Return each line below holding the string "goal".
Excerpted records START
Fixpoint paths (t h : Z) (n : nat) (j : Z) : list (list Z) :=
  match n with
  | O => if (j =? 0)%Z then nil :: nil else nil
  | S n =>
      if in_band t h j
      then flat_map (fun x => snoc_all (j - x) (paths t h n x)) (predecessors h j)
      else nil
  end.

Lemma In_paths t h n j p : (0 <= t)%Z -> (0 <= h)%Z ->
  In p (paths t h n j) <-> bounded_deutsch_path t h j n p.
Proof.
  intros ht hh. revert j p; induction n as [|n IH]; intros j p; cbn [paths].
  - rewrite bounded_deutsch_path_O.
    destruct (Z.eqb_spec j 0); simpl; intuition congruence.
  - assert (Hlevel : forall x q, bounded_deutsch_path t h x n q -> (x <= h)%Z).
    { intros x q (_ & _ & Hs & <-). apply (stays_within_last t h 0) in Hs; lia. }
    destruct p as [|s q _] using rev_ind.
    + split.
      * destruct (in_band t h j); [|contradiction].
        intros Hin. apply in_flat_map in Hin as [x [_ Hx]].
        apply In_snoc_all in Hx as [q [Hq _]].
        symmetry in Hq. apply app_eq_nil in Hq as [_ Hq]. discriminate.
      * intros [Hl _]. discriminate.
    + rewrite bounded_deutsch_path_snoc.
      destruct (in_band t h j) eqn:Hj.
      * apply in_bandP in Hj. rewrite in_flat_map. split.
        -- intros [x [Hx Hp]]. apply In_snoc_all in Hp as [q' [Hq Hq']].
           apply app_inj_tail in Hq as [-> ->]. apply In_predecessors in Hx as [Hs _]; [|lia].
           apply IH in Hq'. replace (j - (j - x))%Z with x by lia. auto.
        -- intros (_ & Hs & Hq). exists (j - s)%Z. split.
           ++ apply In_predecessors; [lia|]. split; [now replace (j - (j - s))%Z with s by lia|].
              exact (Hlevel _ _ Hq).
           ++ apply In_snoc_all. exists q. split; [do 2 f_equal; lia | now apply IH].
      * rewrite <- Bool.not_true_iff_false, in_bandP in Hj. simpl. tauto.
Qed.

Lemma NoDup_paths t h n j : NoDup (paths t h n j).
Proof.
  revert j; induction n as [|n IH]; intro j; cbn [paths].
  - destruct (j =? 0)%Z; repeat constructor; auto.
  - destruct (in_band t h j); [|constructor].
    apply NoDup_flat_map; [apply NoDup_predecessors| |].
    + intros x _. apply FinFun.Injective_map_NoDup; [|apply IH].
      intros p q Hpq. now apply app_inj_tail in Hpq as [? _].
    + intros x y p _ _ Hx Hy.
      apply In_snoc_all in Hx as [q [-> _]]. apply In_snoc_all in Hy as [q' [Hq _]].
      apply app_inj_tail in Hq as [_ Hq]. lia.
Qed.

Definition npaths (t h : Z) (n : nat) (j : Z) : nat := length (paths t h n j).

Lemma length_bounded_paths t h j n l : (0 <= t)%Z -> (0 <= h)%Z -> NoDup l ->
  (forall p, In p l <-> bounded_deutsch_path t h j n p) -> length l = npaths t h n j.
Proof.
  intros ht hh Hl Hp. apply Permutation_length, NoDup_Permutation; [exact Hl | apply NoDup_paths|].
  intro p. rewrite Hp, In_paths; tauto.
Qed.

Lemma npaths_S t h n j : npaths t h (S n) j =
  if in_band t h j then list_sum (map (npaths t h n) (predecessors h j)) else 0%nat.
Proof.
  unfold npaths. cbn [paths]. destruct (in_band t h j); [|reflexivity].
  rewrite length_flat_map. f_equal. apply map_ext. intro x. apply length_map.
Qed.

Lemma npaths_le t h n j : (0 <= t)%Z -> (npaths t h n j <= Z.to_nat (h + t + 1) ^ n)%nat.
Proof.
  intro ht. revert j; induction n as [|n IH]; intro j.
  - unfold npaths; simpl. destruct (j =? 0)%Z; simpl; lia.
  - rewrite npaths_S. destruct (in_band t h j) eqn:Hj; [|lia]. apply in_bandP in Hj.
    eapply Nat.le_trans; [apply list_sum_map_le; intros; apply IH|].
    rewrite length_predecessors, Nat.pow_succ_r'. apply Nat.mul_le_mono_r. lia.
Qed.

(** * Generating functions *)

Definition delta0 (j : Z) : R := if (j =? 0)%Z then 1 else 0.

Definition level_system (t h : Z) (z : R) (X : Z -> R) : Prop :=
  forall j, (- t <= j <= h)%Z -> X j = delta0 j + z * sum_list (map X (predecessors h j)).

Section GeneratingFunctions.

Variables (t h : Z) (z : R).
Hypotheses (ht : (0 <= t)%Z) (hh : (0 <= h)%Z) (hz : Rabs z * IZR (h + t + 1) < 1).

Definition paths_gf (j : Z) : R := Series (fun n => INR (npaths t h n j) * z ^ n).

Lemma ex_series_npaths j : ex_series (fun n => INR (npaths t h n j) * z ^ n).
Proof.
  apply ex_series_Rabs.
  apply (@ex_series_le R_AbsRing R_CompleteNormedModule _ (fun n => (IZR (h + t + 1) * Rabs z) ^ n)).
  - intro n. change norm with Rabs. simpl.
    rewrite Rabs_Rabsolu, Rabs_mult, <- RPow_abs, Rpow_mult_distr, Rabs_pos_eq by apply pos_INR.
    apply Rmult_le_compat_r; [apply pow_le, Rabs_pos|].
    replace (IZR (h + t + 1)) with (INR (Z.to_nat (h + t + 1)))
      by (rewrite INR_IZR_INZ, Z2Nat.id by lia; reflexivity).
    rewrite <- pow_INR. apply le_INR, npaths_le, ht.
  - apply ex_series_geom. rewrite Rabs_pos_eq; [lra|].
    apply Rmult_le_pos; [apply IZR_le; lia | apply Rabs_pos].
Qed.

Lemma paths_gf_level_system : level_system t h z paths_gf.
Proof.
  intros j Hj. unfold paths_gf at 1. rewrite Series_incr_1 by apply ex_series_npaths.
  unfold npaths at 1. cbn [paths pow]. fold (npaths t h 0 j). unfold delta0.
  f_equal; [destruct (j =? 0)%Z; simpl; ring|].
  apply is_series_unique.
  assert (Hs := is_series_sum_list _ (fun x n => INR (npaths t h n x) * z ^ n) paths_gf
                  (predecessors h j) (fun x _ => Series_correct _ (ex_series_npaths x))).
  apply (@is_series_scal_l R_AbsRing R_NormedModule z) in Hs.
  eapply is_series_ext; [|exact Hs].
  intro n. rewrite npaths_S. apply in_bandP in Hj. rewrite Hj, INR_list_sum, map_map.
  change (scal z ?a) with (z * a). rewrite sum_list_map_mult_r. simpl pow.
  rewrite Rmult_comm, sum_list_map_mult_r. f_equal. apply map_ext. intro x. ring.
Qed.

Lemma paths_gf_out_of_band j : in_band t h j = false -> paths_gf j = 0.
Proof.
  intro Hj. unfold paths_gf.
  rewrite (Series_ext _ (fun _ => 0)); [apply is_series_unique, is_series_0|].
  intro n. destruct n as [|n].
  - unfold npaths. cbn [paths]. destruct (Z.eqb_spec j 0) as [->|]; simpl; [|ring].
    exfalso. rewrite <- Bool.not_true_iff_false, in_bandP in Hj. lia.
  - rewrite npaths_S, Hj. simpl. ring.
Qed.

End GeneratingFunctions.

Lemma level_system_unique t h z X Y : (0 <= t)%Z -> Rabs z * IZR (h + t + 1) < 1 ->
  level_system t h z X -> level_system t h z Y -> X (- t - 1)%Z = Y (- t - 1)%Z ->
  forall j, (- t <= j <= h)%Z -> X j = Y j.
Proof.
  intros ht Hz HX HY Hbottom j Hj.
  set (L := levels_above (- t - 1) (Z.to_nat (h + t + 1))).
  assert (HL : forall x, In x L <-> (- t <= x <= h)%Z)
    by (intro x; unfold L; rewrite In_levels_above; lia).
  enough (X j - Y j = 0) by lra.
  apply (contraction_eq0 _ L (fun x => X x - Y x) (Rabs z * IZR (h + t + 1))); [| |now apply HL].
  { split; [|exact Hz]. apply Rmult_le_pos; [apply Rabs_pos | apply IZR_le; lia]. }
  intros M HM HD x Hx. apply HL in Hx.
  assert (Hdiff : X x - Y x = z * sum_list (map (fun y => X y - Y y) (predecessors h x)))
    by (rewrite (HX x Hx), (HY x Hx), <- sum_list_map_minus; ring).
  rewrite Hdiff, Rabs_mult, Rmult_assoc. apply Rmult_le_compat_l; [apply Rabs_pos|].
  eapply Rle_trans; [apply (Rabs_sum_list_map_le _ _ _ M)|].
  - intros y Hy. apply In_predecessors in Hy as [Hs Hyh]; [|lia].
    destruct (Z.eq_dec y (- t - 1)) as [->|Hy].
    + rewrite Hbottom, Rminus_diag, Rabs_R0. exact HM.
    + apply HD, HL. unfold deutsch_step in Hs. lia.
  - rewrite length_predecessors. apply Rmult_le_compat_r; [exact HM|].
    rewrite INR_IZR_INZ. apply IZR_le. lia.
Qed.

Lemma level_system_of_recurrence t h z X :
  (forall j, (- t <= j < h)%Z ->
     X j - X (j + 1)%Z = delta0 j - delta0 (j + 1) + z * (X (j - 1)%Z - X j + X (j + 1)%Z)) ->
  X h = delta0 h + z * X (h - 1)%Z ->
  level_system t h z X.
Proof.
  intros Hrec Htop.
  assert (H : forall m j, (- t <= j <= h)%Z -> Z.to_nat (h - j) = m ->
            X j = delta0 j + z * (X (j - 1)%Z + sum_list (map X (levels_above j m)))).
  { induction m as [|m IH]; intros j Hj Hm; simpl.
    - replace j with h by lia. rewrite Htop. ring.
    - specialize (IH (j + 1)%Z ltac:(lia) ltac:(lia)).
      replace (j + 1 - 1)%Z with j in IH by ring.
      specialize (Hrec j ltac:(lia)). lra. }
  intros j Hj. apply (H (Z.to_nat (h - j))); [exact Hj | reflexivity].
Qed.

(** * The closed form *)

Section ClosedForm.

Variables (t h : Z) (v : R).

Definition closed_form (j : Z) : R :=
  if (j <? 0)%Z then
    powerRZ (1 + v) (- j - 2) * (1 - powerRZ v (j + t + 1)) * v
      * (1 - powerRZ v (h + 1)) * (1 + v + v ^ 2)
    / ((1 - v) * (1 - powerRZ v (h + t + 3)))
  else
    powerRZ v j * (1 - powerRZ v (t + 2)) * (1 - powerRZ v (2 - j + h))
      * (1 + v + v ^ 2)
    / ((1 - v) * powerRZ (1 + v) (j + 2) * (1 - powerRZ v (h + t + 3))).

Lemma closed_form_bottom : (0 <= t)%Z -> closed_form (- t - 1) = 0.
Proof.
  intro ht. unfold closed_form. rewrite (proj2 (Z.ltb_lt _ 0)) by lia.
  replace (- t - 1 + t + 1)%Z with 0%Z by ring. simpl. unfold Rdiv. ring.
Qed.

Hypotheses (hv : v <> 0) (hv1 : 1 + v <> 0) (hv2 : 1 - v <> 0) (hq : 1 + v + v ^ 2 <> 0)
  (hd : 1 - powerRZ v (h + t + 3) <> 0).

Ltac decide_signs :=
  repeat match goal with
  | |- context [(?a <? 0)%Z] =>
      first [rewrite (proj2 (Z.ltb_lt a 0)) by lia | rewrite (proj2 (Z.ltb_ge a 0)) by lia]
  | |- context [(?a =? 0)%Z] =>
      first [rewrite (proj2 (Z.eqb_eq a 0)) by lia | rewrite (proj2 (Z.eqb_neq a 0)) by lia]
  end.

Ltac expand_powers :=
  unfold Z.sub in *;
  repeat (rewrite ?Z.opp_add_distr, ?Z.opp_involutive in *;
          rewrite ?(powerRZ_add v), ?(powerRZ_add (1 + v)) in * by assumption;
          rewrite ?powerRZ_neg' in * ).

Ltac nonzero :=
  match goal with
  | |- powerRZ _ _ <> 0 => apply powerRZ_NOR; assumption
  | H : ?b <> 0 |- ?a <> 0 => replace a with b by ring; exact H
  end.

Ltac verify :=
  unfold closed_form, delta0; decide_signs; expand_powers; simpl in *;
  field; repeat split; nonzero.

Lemma closed_form_recurrence j :
  closed_form j - closed_form (j + 1) = delta0 j - delta0 (j + 1)
  + v / (1 + v + v ^ 2) * (closed_form (j - 1) - closed_form j + closed_form (j + 1)).
Proof.
  (* Only for j = -1 and j = 0 do j-1, j, j+1 straddle both branches of [closed_form]. *)
  assert (Hcases : (j < -1)%Z \/ j = (-1)%Z \/ j = 0%Z \/ (0 < j)%Z) by lia.
  destruct Hcases as [Hj|[->|[->|Hj]]]; verify.
Qed.

Lemma closed_form_top : (0 <= h)%Z ->
  closed_form h = delta0 h + v / (1 + v + v ^ 2) * closed_form (h - 1).
Proof.
  intro hh. destruct (Z.eq_dec h 0) as [Hh|Hh].
  - unfold closed_form. rewrite Hh in *. verify.
  - verify.
Qed.

Lemma closed_form_level_system : (0 <= h)%Z ->
  level_system t h (v / (1 + v + v ^ 2)) closed_form.
Proof.
  intro hh. apply level_system_of_recurrence.
  - intros j _. apply closed_form_recurrence.
  - apply closed_form_top, hh.
Qed.

End ClosedForm.

Lemma v_fun_equation z : z <> 0 -> 0 <= 1 - 2 * z - 3 * z ^ 2 ->
  z * (1 + v_fun z + v_fun z ^ 2) = v_fun z.
Proof.
  intros Hz HD. set (s := sqrt (1 - 2 * z - 3 * z ^ 2)).
  assert (Hs : s * s = 1 - 2 * z - 3 * z ^ 2) by apply sqrt_sqrt, HD.
  assert (Hv : v_fun z * (2 * z) = 1 - z - s) by (unfold v_fun; fold s; field; exact Hz).
  apply (Rmult_eq_reg_l (4 * z)); [|lra].
  transitivity (4 * z ^ 2 + 2 * z * (v_fun z * (2 * z)) + (v_fun z * (2 * z)) ^ 2); [ring|].
  transitivity (2 * (v_fun z * (2 * z))); [|ring].
  rewrite Hv. nra.
Qed.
Excerpted records END
* Answer box *
  repeat match goal with
  match goal with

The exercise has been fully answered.